» **What to produce**: Copy each line of the entries below that contains the string "integral".

» **Material shown**:
(* Let $\rho\in\mathcal{D}(\mathcal{H})$ be a fixed density matrix. Then the function $\sigma\mapsto S(\rho\,\|\,\sigma)$ is $\lambda_{\max}(\rho)$-smooth and $\lambda_{\min}(\rho)$-strongly convex relative to the negative log determinant $\sigma\mapsto-\log\det(\sigma)$ on $\mathcal{D}(\mathcal{H})$.
   Context: $\mathcal{D}(\mathcal{H})$ is the set of positive semidefinite unit-trace Hermitian operators on $\mathcal{H}\cong\mathbb{C}^n$; $S(\rho\|\sigma)=\operatorname{tr}[\rho(\log\rho-\log\sigma)]$ is the quantum relative entropy. A function $g$ is $L$-smooth (resp. $\mu$-strongly convex) relative to $\varphi$ on $\mathcal{C}$ if $L\varphi-g$ (resp. $g-\mu\varphi$) is convex on the relative interior of $\mathcal{C}$ (here, the positive definite density matrices). *)

From mathcomp Require Import all_boot all_order all_algebra.
From mathcomp Require Import complex.
From mathcomp Require Import reals exp.
Set Implicit Arguments.
Unset Strict Implicit.
Unset Printing Implicit Defensive.
Import Order.TTheory GRing.Theory Num.Theory.
Local Open Scope ring_scope.

Section QuantumDefs.
Variable R : realType.
Local Notation C := R[i].

Definition adjmx m n (A : 'M[C]_(m, n)) : 'M[C]_(n, m) := (map_mx Num.conj A)^T.

Definition hermitian n (A : 'M[C]_n) : Prop := adjmx A = A.

Definition psd n (A : 'M[C]_n) : Prop :=
  hermitian A /\ forall v : 'rV[C]_n, 0 <= (v *m A *m adjmx v) 0 0.

Definition posdef n (A : 'M[C]_n) : Prop :=
  hermitian A /\ forall v : 'rV[C]_n, v != 0 -> 0 < (v *m A *m adjmx v) 0 0.

Definition density n (A : 'M[C]_n) : Prop := psd A /\ \tr A = 1.

(* relative interior of D(H): positive definite density matrices *)
Definition density_pd n (A : 'M[C]_n) : Prop := posdef A /\ \tr A = 1.

(* eigenvalues of a Hermitian matrix, via the spectral decomposition
   A = invmx U *m diag_mx d *m U of spectral.v (they are real) *)
Definition eigval n (A : 'M[C]_n) (i : 'I_n) : R :=
  complex.Re (spectral_diag A 0 i).

Definition lambda_max n (A : 'M[C]_n.+1) : R :=
  \big[Num.max/eigval A ord0]_(i < n.+1) eigval A i.

Definition lambda_min n (A : 'M[C]_n.+1) : R :=
  \big[Num.min/eigval A ord0]_(i < n.+1) eigval A i.

(* matrix logarithm through the spectral decomposition (functional calculus);
   with MathComp-Analysis' convention ln 0 = 0, i.e. 0 log 0 = 0 *)
Definition logm n (A : 'M[C]_n) : 'M[C]_n :=
  invmx (spectralmx A) *m
  diag_mx (\row_i ((ln (eigval A i))%:C%C : C)) *m spectralmx A.

Definition qrel_entropy n (rho sigma : 'M[C]_n) : R :=
  complex.Re (\tr (rho *m (logm rho - logm sigma))).

Definition neglogdet n (sigma : 'M[C]_n) : R := - ln (complex.Re (\det sigma)).

Definition convex_on_pd n (f : 'M[C]_n -> R) : Prop :=
  forall (x y : 'M[C]_n) (t : R), density_pd x -> density_pd y ->
    0 <= t <= 1 ->
    f ((t%:C%C : C) *: x + ((1 - t)%:C%C : C) *: y) <= t * f x + (1 - t) * f y.

Definition rel_smooth n (L : R) (g phi : 'M[C]_n -> R) : Prop :=
  convex_on_pd (fun x => L * phi x - g x).

Definition rel_strongly_convex n (mu : R) (g phi : 'M[C]_n -> R) : Prop :=
  convex_on_pd (fun x => g x - mu * phi x).

End QuantumDefs.

From Pilot Require Import Defs.
From mathcomp Require Import all_boot all_order all_algebra.
From mathcomp Require Import complex.
From mathcomp Require Import reals exp.
From mathcomp Require Import ring lra.

Set Implicit Arguments.
Unset Strict Implicit.
Unset Printing Implicit Defensive.

Import Order.TTheory GRing.Theory Num.Theory.
Local Open Scope ring_scope.

(* Let (lambda_k, u_k) be the eigenpairs of rho. Then
     S(rho || sigma) = tr (rho log rho) - sum_k lambda_k <u_k, log sigma u_k>,
     - log det sigma = - tr (log sigma) = - sum_k <u_k, log sigma u_k>,
   so lambda_max (- log det) - S and S - lambda_min (- log det) are constants
   minus nonnegative combinations of the maps sigma |-> <u, log sigma u>, and
   both claims reduce to the operator concavity of log.  The latter follows
   from log x = \int_0^oo ((1 + s)^-1 - (x + s)^-1) ds: every Riemann sum of
   this integral is operator concave because the inverse is operator convex,
   and the sums converge at rate 1/k. *)

Section LogApproximation.
Variable R : realType.
Implicit Types a b c x : R.

Lemma lnB_le {a b} : 0 < a -> 0 < b -> ln b - ln a <= b / a - 1.
Proof.
move=> a0 b0; rewrite -ln_div ?posrE //.
have := @le_ln1Dx _ (b / a - 1); rewrite [1 + _]addrC subrK; apply.
by rewrite ltrBrDl subrr divr_gt0.
Qed.

Lemma ln_lipschitz {a b c} : 0 < c -> c <= a -> c <= b ->
  `|ln b - ln a| <= `|b - a| / c.
Proof.
move=> c0 ca cb; have a0 := lt_le_trans c0 ca; have b0 := lt_le_trans c0 cb.
have bound (d e : R) : 0 < d -> c <= d -> 0 < e -> ln e - ln d <= `|e - d| / c.
  move=> d0 cd e0; apply: le_trans (lnB_le d0 e0) _.
  have -> : e / d - 1 = (e - d) / d by field; rewrite gt_eqF.
  apply: le_trans (ler_norm _) _.
  rewrite normrM [`|d^-1|]gtr0_norm ?invr_gt0 //.
  by apply: ler_wpM2l; rewrite ?normr_ge0 // lef_pV2 ?posrE.
rewrite ler_norml bound // andbT lerNl opprB distrC; exact: bound.
Qed.

(* The left Riemann sum of [\int_a^(a + N) dx / x] minus the integral. *)
Definition harmonic_defect a N :=
  \sum_(j < N) (a + j%:R)^-1 - (ln (a + N%:R) - ln a).

Lemma harmonic_defect_bounds {a} N : 0 < a ->
  0 <= harmonic_defect a N <= a^-1 - (a + N%:R)^-1.
Proof.
move=> a0; elim: N => [|N IH].
  by rewrite /harmonic_defect big_ord0 addr0 !subrr lexx.
set b := a + N%:R; have b0 : 0 < b by rewrite ltr_wpDr ?ler0n.
have b1 : 0 < b + 1 by rewrite ltr_wpDr.
have -> : harmonic_defect a N.+1 =
    harmonic_defect a N + b^-1 - (ln (b + 1) - ln b).
  by rewrite /harmonic_defect big_ord_recr /= -natr1 addrA -/b; ring.
rewrite -natr1 addrA -/b.
have up : ln (b + 1) - ln b <= b^-1.
  have -> : b^-1 = (b + 1) / b - 1 by field; rewrite gt_eqF.
  exact: lnB_le.
have low : ln b - ln (b + 1) <= - (b + 1)^-1.
  have -> : - (b + 1)^-1 = b / (b + 1) - 1 by field; rewrite gt_eqF.
  exact: lnB_le.
move: IH => /andP[IH1 IH2]; apply/andP; split; lra.
Qed.

(* A Riemann sum of [ln x = \int_0^oo (1 / (1 + s) - 1 / (x + s)) ds] with
   step [1 / k] on [0, k]. *)
Definition ln_riemann (k : nat) x :=
  \sum_(j < k * k) ((k%:R + j%:R)^-1 - (k%:R * x + j%:R)^-1).

Lemma ln_riemann_approx k x : 0 < x -> (0 < k)%N ->
  `|ln_riemann k x - ln x| <= (1 + x^-1 + `|1 - x|) / k%:R.
Proof.
move=> x0 k0; have k0' : 0 < k%:R :> R by rewrite ltr0n.
have kx0 : 0 < k%:R * x by rewrite mulr_gt0.
set N := (k * k)%N; have N0 : 0 < N%:R :> R by rewrite ltr0n muln_gt0 k0.
have -> : ln_riemann k x - ln x = harmonic_defect k%:R N
    - harmonic_defect (k%:R * x) N + (ln (k%:R + N%:R) - ln (k%:R * x + N%:R)).
  by rewrite /ln_riemann /harmonic_defect sumrB lnM ?posrE //; ring.
have /andP[d1 d2] := harmonic_defect_bounds N k0'.
have /andP[d3 d4] := harmonic_defect_bounds N kx0.
have lnN : `|ln (k%:R + N%:R) - ln (k%:R * x + N%:R)| <= `|1 - x| / k%:R.
  have NE : N%:R = k%:R * k%:R :> R by rewrite natrM.
  have ca : N%:R <= k%:R * x + N%:R by rewrite lerDr ltW.
  have cb : N%:R <= k%:R + N%:R :> R by rewrite lerDr ler0n.
  apply: le_trans (ln_lipschitz N0 ca cb) _.
  have -> : k%:R + N%:R - (k%:R * x + N%:R) = k%:R * (1 - x) by ring.
  rewrite normrM gtr0_norm // NE le_eqVlt; apply/orP; left; apply/eqP.
  by field; rewrite gt_eqF.
have i1 : 0 <= (k%:R + N%:R :> R)^-1 by rewrite invr_ge0 addr_ge0 ?ler0n.
have i2 : 0 <= (k%:R * x + N%:R)^-1 by rewrite invr_ge0 addr_ge0 ?ltW.
rewrite invfM [k%:R^-1 * _]mulrC in d4.
rewrite !mulrDl mul1r; move: lnN; rewrite ler_norml => /andP[l1 l2].
rewrite ler_norml; apply/andP; split; lra.
Qed.

End LogApproximation.

Section Approximation.
Variable R : archiRealFieldType.

Lemma ler_of_le_addn (a b E : R) :
  (forall k, (0 < k)%N -> a <= b + E / k%:R) -> a <= b.
Proof.
move=> abE; apply/ler_addgt0Pr => e e0.
set k := (Num.bound (E / e)).+1; have k0 : 0 < k%:R :> R by rewrite ltr0n.
apply: le_trans (abE k isT) _; rewrite lerD2l.
have [E0|E0] := lerP E 0.
  by apply: le_trans (ltW e0); rewrite pmulr_lle0 ?invr_gt0.
have Ee0 : 0 <= E / e by rewrite divr_ge0 ?ltW.
rewrite ler_pdivrMr // [e * _]mulrC -ler_pdivrMr //; apply/ltW.
by rewrite (lt_le_trans (archi_boundP Ee0)) // ler_nat.
Qed.

Lemma convex_comb_le_of_approx (t fx fy fz ex ey ez : R) (gx gy gz : nat -> R) :
  0 <= t <= 1 ->
  (forall k, (0 < k)%N -> t * gx k + (1 - t) * gy k <= gz k) ->
  (forall k, (0 < k)%N -> `|gx k - fx| <= ex / k%:R) ->
  (forall k, (0 < k)%N -> `|gy k - fy| <= ey / k%:R) ->
  (forall k, (0 < k)%N -> `|gz k - fz| <= ez / k%:R) ->
  t * fx + (1 - t) * fy <= fz.
Proof.
move=> /andP[t0 t1] conc ax ay az.
apply: (ler_of_le_addn (E := ex + ey + ez)) => k k0.
have := ax k k0; have := ay k k0; have := az k k0; have := conc k k0.
rewrite !mulrDl !ler_norml.
move: (ex / _) (ey / _) (ez / _) (gx k) (gy k) (gz k).
move=> a b c u w z uwz /andP[zl zu] /andP[yl yu] /andP[xl xu].
have t1' : 0 <= 1 - t by rewrite subr_ge0.
have hx : t * (fx - u) <= a.
  by apply: le_trans (ler_piMl _ t1); [apply: ler_wpM2l; lra | lra].
have hy : (1 - t) * (fy - w) <= b.
  apply: le_trans (ler_piMl _ _); [apply: ler_wpM2l; lra | lra |].
  by rewrite lerBlDr lerDl.
lra.
Qed.

End Approximation.

Local Open Scope complex_scope.

Section Adjoint.
Variable R : realType.
Local Notation C := R[i].
Local Open Scope sesquilinear_scope.

Lemma adjmxE m p (A : 'M[C]_(m, p)) : adjmx A = A ^t*.
Proof. by rewrite /adjmx map_trmx. Qed.

Lemma adjmxK m p (A : 'M[C]_(m, p)) : adjmx (adjmx A) = A.
Proof. by rewrite !adjmxE trmxCK. Qed.

Lemma adjmxM m p q (A : 'M[C]_(m, p)) (B : 'M[C]_(p, q)) :
  adjmx (A *m B) = adjmx B *m adjmx A.
Proof. by rewrite /adjmx map_mxM trmx_mul. Qed.

Lemma adjmxD m p (A B : 'M[C]_(m, p)) : adjmx (A + B) = adjmx A + adjmx B.
Proof. by rewrite /adjmx map_mxD linearD. Qed.

Lemma adjmxN m p (A : 'M[C]_(m, p)) : adjmx (- A) = - adjmx A.
Proof. by rewrite /adjmx map_mxN linearN. Qed.

Lemma adjmxZ m p (r : R) (A : 'M[C]_(m, p)) :
  adjmx (r%:C *: A) = r%:C *: adjmx A.
Proof.
apply/matrixP => i j; rewrite /adjmx !mxE rmorphM /=; congr (_ * _).
by apply/eqP; rewrite eq_complex /= oppr0 !eqxx.
Qed.

Lemma adjmxV p (A : 'M[C]_p) : adjmx (invmx A) = invmx (adjmx A).
Proof. by rewrite /adjmx map_invmx trmx_inv. Qed.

» **Answer space**:
   this integral is operator concave because the inverse is operator convex,
(* The left Riemann sum of [\int_a^(a + N) dx / x] minus the integral. *)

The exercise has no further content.